Yet again, I find myself home when I really should have gone to the gym. It's yoga for God's sake. I love yoga and I'm always happy after I go to a class. I'm not sure what's going on with me about working out. I was doing really well for like, 2 months but now I'm slacking. Today the excuse was: I don't really like that class. The instructor isn't interesting or challenging and last time I went there were only two of us in there. Also, if I don't go to yoga, I will stay home and write something.
Well at least I'm keeping up that end of the deal. Typing burns calories and builds lean muscle right?
I guess I'm just like the rest of the world - I want instant gratification. When I decide to work out and eat right and cut the shit...I don't get immediate results. Logically, I know that is impossible. However, since when am I run by logic? I'm run by emotions most of the time. Unless I'm making an effort to be logic based and to hell with what I'm feeling, I will go with what makes me feel good every time. I think a lot of people are like this actually. Because if we don't FEEL something, it ain't happening. And a lot of what I've felt since undertaking this challenge, is frustrated, fatter, and failure. I've been proud of myself here and there but mostly...not so hot.
Logically, I know that things take time. A lot of time. My friend, Lindy, told me to give it six months so I'm still clinging to that. I'm not overeating or indulging. Diet changes are relatively easy for me. As long as I can have sweet stuff, I don't really care what else I eat. It doesn't matter to me if I eat chocolate or an apple for a late night snack. I know eating then at all is foolish but old habits die hard and how bad is it really to consider an apple an indulgence?
I'm also aware that Fear is at work here. Fear of trying because if I really try, like really for real real, I risk a lot. Failure is something I've felt many times. I don't want to feel it again. So, my old pal Fear whispers in my ear, reminding me of all the failures of the past, how much that sucked, how it felt, and how much safer it is to just stay home, on the couch, maybe take one class per week so I can say I'm trying and nobody will argue with me. Fly below the radar.
Fear also plays dirty. It will straight up lie to keep me safe.
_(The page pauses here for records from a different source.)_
(* For every integer $k\ge1$ we have $I_k\subseteq B_k$.
   Context: Let $K$ be a field and $A$ the free associative (non-unital) $K$-algebra on free generators $x_0,x_1,x_2,\dots$, with $K$-basis of monomials; $A^1$ is $A$ with unity adjoined. For $n\ge1$, $A(n)$ is the $K$-span of monomials of length $n$, and $A(0)=K$. For a monomial $s=x_{i_1}\cdots x_{i_n}$ write $s[q]=x_{i_q}$. Let $D$ be the derivation of $A$ with $D(x_i)=x_{i+1}$. For $k\ge1$ let $\mathcal X_k=\{x_0,\dots,x_{k-1}\}$; for $n\ge1$ let $W(k,n,0)$ be the set of monomials of length $n$ all of whose letters lie in $\mathcal X_k$, $W(k,n,l+1)=\{D(w):w\in W(k,n,l)\}$, $W(k,n)=\bigcup_{t\ge0}W(k,n,t)$, and let $I_k$ be the two-sided ideal of $A$ generated by $W(k,2\cdot100^{k^2})$. $Z_k$ is the set of all elements $a\in A$ of one of the forms: (1) $a=\kappa s$, $\kappa\in K$, $s$ a monomial of length $100^{k^2}-1$ with $s[3^p\cdot100^{(k-1)^2}]=s[3^q\cdot100^{(k-1)^2}]$ for some $0\le p<q\le k$; (2) $a=\kappa(s_1+s_2)$, $\kappa\in K$, $s_1,s_2$ monomials of length $100^{k^2}-1$, with integers $0\le p<q\le k$ and $l_1>l_2\ge0$ such that $s_1$ has $x_{l_1}$ at position $3^p\cdot100^{(k-1)^2}$ and $x_{l_2}$ at position $3^q\cdot100^{(k-1)^2}$, $s_2$ has $x_{l_2}$ and $x_{l_1}$ at these positions respectively, and $s_1,s_2$ agree at all other positions. Finally $B_k=\sum_{m\ge0}A(m\cdot100^{k^2})\,Z_k\,A^1$ (the $K$-span of products $uzv$ with $u\in A(m\cdot100^{k^2})$, $m\ge0$, $z\in Z_k$, $v\in A^1$). *)

From HB Require Import structures.
From mathcomp Require Import all_boot all_order all_algebra.
Set Implicit Arguments. Unset Strict Implicit. Unset Printing Implicit Defensive.
Import GRing.Theory.
Local Open Scope ring_scope.

(* Words (monomials) x_{i_1}...x_{i_n} are represented as seq nat [:: i_1; ...; i_n].
   Elements of A^1 (free unital algebra) are finitely supported coefficient functions
   word -> K; A is the subset with zero coefficient on the empty word. *)
Definition word := seq nat.
Definition elt (K : fieldType) := word -> K.
(* coefficients a_1..a_11 (a_j for other j is irrelevant, set to 0) *)
Definition acoef (j : nat) : R :=
  match j with
  | 1 => 1/2
  | 2 => 1/6
  | 3 => -(1/6)
  | 4 => 3/5
  | 5 => -(3/5)
  | 6 => 79/126
  | 7 => -(79/126)
  | 8 => 7230/6241
  | 9 => -(7230/6241)
  | 10 => 4146631/3833346
  | 11 => -(4146631/3833346)
  | _ => 0
  end.

(* Tfrom x j m = T_j when k = j + m:
   T_k = x + a_k,  T_j = x + a_j x / T_{j+1}. *)
Fixpoint Tfrom (x : R) (j m : nat) : R :=
  match m with
  | O => x + acoef j
  | S m' => x + acoef j * x / Tfrom x (S j) m'
  end.

Definition Rk (k n : nat) : R := acoef 1 / Tfrom (INR n) 2 (k - 2).

Definition rk (k n : nat) : R := harmonic n - ln (INR n) - Rk k n.

Definition C10 : R := -(2755095121 / 892586949408).
Definition C11 : R := 20169451 / 3821257440.

From Stdlib Require Import Reals Lra Lia ZArith List Bool.
From Coquelicot Require Import Coquelicot.
Import ListNotations.
Open Scope R_scope.

(* Write R_k(n) as a rational function P(n)/Q(n). For a correction c(n) = K/(n + s)^p, the
   increment of r_k(n) - c(n) from n to n + 1 extends to a function F of a real variable
   x >= 1 that tends to 0 at infinity. Its derivative is a rational function whose numerator,
   after the substitution x -> x + 1, has coefficients of one sign; hence F has constant
   sign. With s = 0 and s = 1 this yields an increasing and a decreasing sequence, both
   converging to gamma, which therefore lies strictly between them. Polynomials are integer
   coefficient lists, so every identity and sign condition is checked by computation. *)

Fixpoint peval (l : list Z) (x : R) : R :=
  match l with nil => 0 | c :: l' => IZR c + x * peval l' x end.

Fixpoint padd (l1 l2 : list Z) : list Z :=
  match l1, l2 with
  | nil, _ => l2
  | _, nil => l1
  | a :: l1', b :: l2' => (a + b)%Z :: padd l1' l2'
  end.

Definition pscal (c : Z) (l : list Z) : list Z := map (Z.mul c) l.

Definition psub (l1 l2 : list Z) : list Z := padd l1 (pscal (-1) l2).

Fixpoint pmul (l1 l2 : list Z) : list Z :=
  match l1 with
  | nil => nil
  | a :: l1' => padd (pscal a l2) (0%Z :: pmul l1' l2)
  end.

Fixpoint ppow (l : list Z) (n : nat) : list Z :=
  match n with O => [1%Z] | S n' => pmul l (ppow l n') end.

Fixpoint pcomp (l q : list Z) : list Z :=
  match l with nil => nil | c :: l' => padd [c] (pmul q (pcomp l' q)) end.

Definition pshift (l : list Z) : list Z := pcomp l [1%Z; 1%Z].

Fixpoint pder (l : list Z) : list Z :=
  match l with nil => nil | _ :: l' => padd l' (0%Z :: pder l') end.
It will tell me, being overweight is better because I draw less attention, it helps me fit in. Being overweight is normal but being fit is not. That I look foolish in workout classes, that I'm weak and can't keep up.
Arguing with Fear takes a lot of time. A lot of energy right now that I tell myself I don't have but really? I totally do. I'd just rather invest the energy in writing or reading or watching movies and Reno 911 re-runs. I've been toying with the idea of making a vision board or a few vision boards really, to have around the house and in my car. Something visual to remind me of what I want and what it takes to get there. Something that doesn't lecture or judge. Just sits there looking at me filled with motivation and inspiration. Hmmm...I'll let you know how it goes...
Oh god, I have so much to say on this subject, I feel I must bullet point:
ReplyDelete1. When I was trying to train for my first black belt test, I read the book "Positive Energy". Some of it was whatever but there was a section on positive eating that stuck with me. It's all about figuring out what foods make you feel good and full of energy and just eating those. It doesn't ALWAYS work for me but if I know I have to do hard stuff, I always look to the foods I know make me feel good before I do the hard stuff.
2. The only way I ever get my self to go anywhere I don't want to is by not thinking about it. I think about what I need to do to get there. Water bottle, keys, sneakers, drive that way, park there, walk through that door. Then I'm there and I didn't have time to think about excuses or fears or any of the crap that keeps me from going.
3. Yoga is awesome and I lurve it. Punching is more fun because you get to punch. Have you tried cardio kickboxing? PUNCHING! Punching makes the rage smile.
4. Cristian and I just joined Koko Fitclub and there are franchises popping up all over. You get a USB and the computers tell you what to do. It's 15 minutes of cardio (15! Yes! Monkey hate cardio!) and 30 minutes of weight training on a big machine that has all of the attachments AND a computer screen and it tells you what to do when and it's like a little game. I actually WANT to go there. Because it's a game with points and stuff.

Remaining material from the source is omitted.